Baahubali and beyond, the rise and rise of regional cinema in India
While Hollywood is a favoured genre in tier two and three cities, audiences in metros have shown an increased preference for regional cinema.Updated: Feb 26, 2019 17:50 IST
With Sairat, Ventilator and Baahubali, we have seen a new trend in how people watch cinema in India over the past few years – regional cinema is breaking the barriers of language to score big in Hindi-speaking regions. Here’s an interesting fact for you: while Hollywood is the favoured genre in tier two and three cities, audiences in metros prefer regional cinema.

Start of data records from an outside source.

(* Let $\Omega\subseteq\mathbb{R}^d$ be compact and convex with non-empty interior $\Omega^\circ$, and let $p_0,p_1$ be Lebesgue densities supported on $\Omega$ that are continuous, uniformly bounded and bounded away from zero on $\Omega$. For $t\in(0,1)$, $z\in\Omega$ let $S_t(z)=\{\delta: z-t\delta\in\Omega,\ z+(1-t)\delta\in\Omega\}$ and for $z\in\Omega^\circ$ $$v(t,z)=\frac{\int_{S_t(z)}\delta\,p_0(z-t\delta)p_1(z+(1-t)\delta)d\delta}{\int_{S_t(z)}p_0(z-t\delta)p_1(z+(1-t)\delta)d\delta}.$$ Let $\hat p_0,\hat p_1$ be estimators (based on $n$ observations) of $p_0,p_1$, redefined to be $0$ outside $\Omega$, let $$r_n=\sup_{x\in\Omega}\max\Big\{\Big|\ln\frac{\hat p_0(x)}{p_0(x)}\Big|,\Big|\ln\frac{\hat p_1(x)}{p_1(x)}\Big|\Big\},$$ and define $\hat v^{\mathrm{den}}(t,z)$ by the same formula as $v(t,z)$ with $p_0,p_1$ replaced by $\hat p_0,\hat p_1$. Then for all $n\ge1$, $$\|\hat v^{\mathrm{den}}-v\|_\infty=\sup_{t\in[0,1],\,z\in\Omega^\circ}\|\hat v^{\mathrm{den}}(t,z)-v(t,z)\|\le2\,\mathrm{diam}(\Omega)(e^{4r_n}-1).$$ If $r_n=o_p(1)$ as $n\to\infty$, then $\sup_{t\in[0,1],\,z\in\Omega^\circ}\|\hat v^{\mathrm{den}}(t,z)-v(t,z)\|=O_p(r_n)$ as $n\to\infty$.
   Context: The estimators need not be densities; $\hat v^{\mathrm{den}}$ is the density-based estimator of the rectified flow velocity field. *)

From HB Require Import structures.
From mathcomp Require Import all_boot all_order all_algebra.
From mathcomp Require Import all_classical all_reals all_analysis.
Set Implicit Arguments. Unset Strict Implicit. Unset Printing Implicit Defensive.
Import Order.TTheory GRing.Theory Num.Theory.
Import numFieldNormedType.Exports.
Local Open Scope classical_set_scope.
Local Open Scope ring_scope.

Section Defs.
Variable R : realType.

(* Borel sigma-algebra on R^d: generated by the coordinate maps. *)
Definition rV_measurable (d : nat) (A : set 'rV[R]_d) : Prop :=
  g_sigma_preimage (fun (i : 'I_d) (x : 'rV[R]_d) => x ord0 i) A.

Definition rV_mfun (d : nat) (f : 'rV[R]_d -> R) : Prop :=
  forall B : set R, measurable B -> rV_measurable (f @^-1` B).

(* Lebesgue integral over R^d, computed as an iterated one-dimensional
   Lebesgue integral (equal to the d-dimensional Lebesgue integral for
   integrable integrands by Fubini). *)
Fixpoint iint (d : nat) : ('rV[R]_d -> R) -> R :=
  match d return ('rV[R]_d -> R) -> R with
  | 0 => fun f => f 0
  | d'.+1 => fun f =>
      Rintegral (@lebesgue_measure R) setT
        (fun x : R => iint (fun y : 'rV[R]_d' =>
                              f (row_mx (\row_(j < 1) x) y)))
  end.

Definition norm2 (d : nat) (x : 'rV[R]_d) : R :=
  Num.sqrt (\sum_(i < d) x ord0 i ^+ 2).

Definition diam (d : nat) (Om : set 'rV[R]_d) : R :=
  sup [set norm2 (x - y) | x in Om & y in Om].

Definition convex_rV (d : nat) (Om : set 'rV[R]_d) : Prop :=
  forall x y, Om x -> Om y -> forall l : R, 0 <= l <= 1 ->
    Om ((1 - l) *: x + l *: y).

Definition Sset (d : nat) (Om : set 'rV[R]_d) (t : R) (z : 'rV[R]_d)
  : set 'rV[R]_d :=
  [set delta | Om (z - t *: delta) /\ Om (z + (1 - t) *: delta)].

Definition vel (d : nat) (Om : set 'rV[R]_d) (p0 p1 : 'rV[R]_d -> R)
  (t : R) (z : 'rV[R]_d) : 'rV[R]_d :=
  \row_(i < d)
    (iint (fun delta => \1_(Sset Om t z) delta * delta ord0 i
              * p0 (z - t *: delta) * p1 (z + (1 - t) *: delta))
     / iint (fun delta => \1_(Sset Om t z) delta
              * p0 (z - t *: delta) * p1 (z + (1 - t) *: delta))).

(* |ln (a / b)| as an extended real; +oo when a / b <= 0
   (the log ratio is then undefined / infinite). *)
Definition lnratio (a b : R) : \bar R :=
  if 0 < a / b then (`|ln (a / b)|)%:E else +oo%E.

Definition rlog (d : nat) (Om : set 'rV[R]_d) (p0 p1 q0 q1 : 'rV[R]_d -> R)
  : \bar R :=
  ereal_sup [set maxe (lnratio (q0 x) (p0 x)) (lnratio (q1 x) (p1 x))
            | x in Om].

Definition supdiff (d : nat) (Om : set 'rV[R]_d) (p0 p1 q0 q1 : 'rV[R]_d -> R)
  : \bar R :=
  ereal_sup [set (norm2 (vel Om q0 q1 tz.1 tz.2 - vel Om p0 p1 tz.1 tz.2))%:E
            | tz in [set tz : R * 'rV[R]_d |
                     0 <= tz.1 <= 1 /\ interior Om tz.2]].

Definition good_density (d : nat) (Om : set 'rV[R]_d) (p : 'rV[R]_d -> R)
  : Prop :=
  rV_mfun p /\
  (forall x, 0 <= p x) /\
  (forall x, ~ Om x -> p x = 0) /\
  iint p = 1 /\
  {within Om, continuous p} /\
  (exists M : R, forall x, Om x -> p x <= M) /\
  (exists c : R, 0 < c /\ forall x, Om x -> c <= p x).

Definition estimator (d : nat) (Om : set 'rV[R]_d) (q : 'rV[R]_d -> R)
  : Prop := rV_mfun q /\ (forall x, ~ Om x -> q x = 0).

End Defs.

(* Outer probability (for possibly non-measurable events). *)
Definition outerP (R : realType) (dT : measure_display) (T : measurableType dT)
  (P : probability T R) (A : set T) : \bar R :=
  ereal_inf [set P B | B in [set B | measurable B /\ A `<=` B]].

Definition o_p1 (R : realType) (dT : measure_display) (T : measurableType dT)
  (P : probability T R) (X : nat -> T -> \bar R) : Prop :=
  forall eps : R, 0 < eps ->
    (fun n => outerP P [set w | (eps%:E < X n w)%E]) @ \oo --> 0%E.

Definition O_p (R : realType) (dT : measure_display) (T : measurableType dT)
  (P : probability T R) (X a : nat -> T -> \bar R) : Prop :=
  forall eps : R, 0 < eps -> exists M : R, 0 < M /\
    exists N : nat, forall n, (N <= n)%N ->
      (outerP P [set w | (M%:E * a n w < X n w)%E] <= eps%:E)%E.

From HB Require Import structures.
From mathcomp Require Import all_boot all_order all_algebra.
From mathcomp Require Import all_classical all_reals all_analysis.
From mathcomp Require Import measurable_realfun ring lra.
Set Implicit Arguments. Unset Strict Implicit. Unset Printing Implicit Defensive.
Import Order.TTheory GRing.Theory Num.Theory.
Import numFieldNormedType.Exports.
Local Open Scope classical_set_scope.
Local Open Scope ring_scope.

(* Both v and v^den are weighted means of delta, for the weights
   W(delta) = p0(z - t delta) p1(z + (1 - t) delta) and its analogue W' built from the
   estimators; both weights vanish outside the ball of radius diam Om.  If e^r bounds
   the ratios q_i / p_i and p_i / q_i, then W and W' agree up to the factor
   rho = e^(2r), so the normalized weights satisfy
   |W' / int W' - W / int W| <= (rho^2 - 1) W / int W pointwise.  Pairing the
   difference of the means with delta and using Cauchy-Schwarz under the integral
   gives |v^den - v| <= diam Om (e^(4r) - 1), half the stated bound.  For r <= 1 this
   is at most 4 e^4 diam Om r, and {r_n <= 1} has probability tending to one, whence
   the O_p(r_n) rate.  Integrals are handled by identifying the iterated integral
   iint with the integral against the d-fold product of Lebesgue measures, which
   makes them linear and monotone. *)

Section rvec_measurable.
Variable R : realType.

Definition rvec (d : nat) := 'rV[R]_d.

HB.instance Definition _ d := Pointed.on (rvec d).

Let rvec_measurable0 d : @rV_measurable R d set0.
Proof. exact: sigma_algebra0. Qed.

Let rvec_measurableC d A : @rV_measurable R d A -> rV_measurable (~` A).
Proof. exact: sigma_algebraC. Qed.

Let rvec_measurable_bigcup d (F : (set (rvec d))^nat) :
  (forall i, rV_measurable (F i)) -> rV_measurable (\bigcup_i F i).
Proof. exact: sigma_algebra_bigcup. Qed.

HB.instance Definition _ d := @isMeasurable.Build default_measure_display
  (rvec d) (@rV_measurable R d) (@rvec_measurable0 d) (@rvec_measurableC d)
  (@rvec_measurable_bigcup d).

End rvec_measurable.

Section rvec_coord.
Context {R : realType}.
Local Notation rvec := (rvec R).

Lemma measurable_coord d (i : 'I_d) :
  measurable_fun [set: rvec d] (fun v => v ord0 i).
Proof.
move=> _ B mB; rewrite setTI; apply: sub_sigma_algebra.
by rewrite (bigD1 i) //=; left; exists B; rewrite ?setTI.
Qed.

Lemma measurable_fun_rvec dT (T : measurableType dT) d (f : T -> rvec d) :
  (forall i, measurable_fun [set: T] (fun x => f x ord0 i)) ->
  measurable_fun [set: T] f.
Proof.
move=> mf; apply: (@measurability _ _ _ _ _ _ (\big[setU/set0]_(i < d)
  preimage_set_system setT (fun v : rvec d => v ord0 i) measurable)) => //.
move=> _ [B + <-].
elim/big_ind: _ => [[]|G1 G2 ih1 ih2 [/ih1|/ih2] //|i _ [C mC <-]].
by rewrite setTI -comp_preimage; exact: mf.
Qed.

(* The first factor is [measurableTypeR R], the measurable space of
   [lebesgue_measure]: [R] itself carries the same sigma-algebra but under another
   display, which unification does not identify. *)
Definition row_cons d (xy : measurableTypeR R * rvec d) : rvec d.+1 :=
  row_mx (\row_(j < 1) xy.1) xy.2.

Definition row_uncons d (v : rvec d.+1) : measurableTypeR R * rvec d :=
  (lsubmx (v : 'rV_(1 + d)) 0 0, rsubmx (v : 'rV_(1 + d))).

Lemma row_consK d : cancel (@row_cons d) (@row_uncons d).
Proof. by case=> x y; rewrite /row_uncons row_mxKl row_mxKr mxE. Qed.

Lemma row_unconsK d : cancel (@row_uncons d) (@row_cons d).
Proof.
move=> v; apply/rowP => i; rewrite /row_cons /row_uncons mxE.
by case: splitP => k ik; rewrite /= !mxE; congr (v _ _); apply/val_inj;
  rewrite /= ik ?ord1.
Qed.

Lemma row_cons_lshift d x (y : rvec d) (k : 'I_1) :
  row_cons (x, y) ord0 (lshift d k) = x.
Proof. by rewrite /row_cons (row_mxEl (\row_(j < 1) x) y) mxE. Qed.

Lemma row_cons_rshift d x (y : rvec d) i :
  row_cons (x, y) ord0 (rshift 1 i) = y ord0 i.
Proof. by rewrite /row_cons (row_mxEr (\row_(j < 1) x) y). Qed.

Lemma measurable_row_cons d :
  measurable_fun [set: measurableTypeR R * rvec d] (@row_cons d).
Proof.
apply: measurable_fun_rvec => i; case: (split_ordP (i : 'I_(1 + d))) => k ->.
  rewrite (_ : (fun _ => _) = fst); first exact: measurable_fst.
  by apply/funext => -[x y]; rewrite row_cons_lshift.
rewrite (_ : (fun _ => _) = (fun v : rvec d => v ord0 k) \o snd).
  exact: measurableT_comp (measurable_coord k) measurable_snd.
by apply/funext => -[x y]; rewrite row_cons_rshift.
Qed.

“Hollywood and Bollywood have a percentage share of 38% and 47% respectively while 15% films we have screened under our new initiative are regional languages. Regional population staying in metro cities tend to pick movies of their native language while tier 2 city audiences tends to pick Hollywood movies which never released in their cities.If one wants to watch a particular movie at a theatre and the said movie is no longer running at any theatre, PVR VKAAO app and website lets one create a movie screening at a theatre of one’s choice, and at preferred time and date. This screening will then be made available on the platform(s) for other users to join. If enough people pay up for the screening, one gets to watch it on big screen,” Kamal Gianchandani, CEO PVR Pictures, told Hindustan Times.
“The demand for both regional and other screenings have been compelling across markets. Typically about 20% of the screenings in metros are for regional cinema while they form about 12% in non-metro cities”, Marzdi Kalianiwala of BookMyShow said.
Just last year saw several regional films – Ventilator, Shwas, Poshter Boyz and the likes travelling across the world in various film festivals. A Forbes report quoted Shreyas Talpade as saying, “The first is that there is greater awareness today as a result of which people have started flocking to the theatres. Earlier, people would make films, but there would be no marketing or publicity. The second is what has always worked for South and Hindi films—the youth connect. In the South, it was cool for a young couple to watch a South Indian film on a date. Till now, the Maharashtrian youth was not kicked about watching films made in their mother tongue. Now, with different types of films being made, they are embracing the quality stuff being offered to them. The third is the subject. With a new breed of filmmakers coming in, they are exploring newer ideas and providing something of substance.”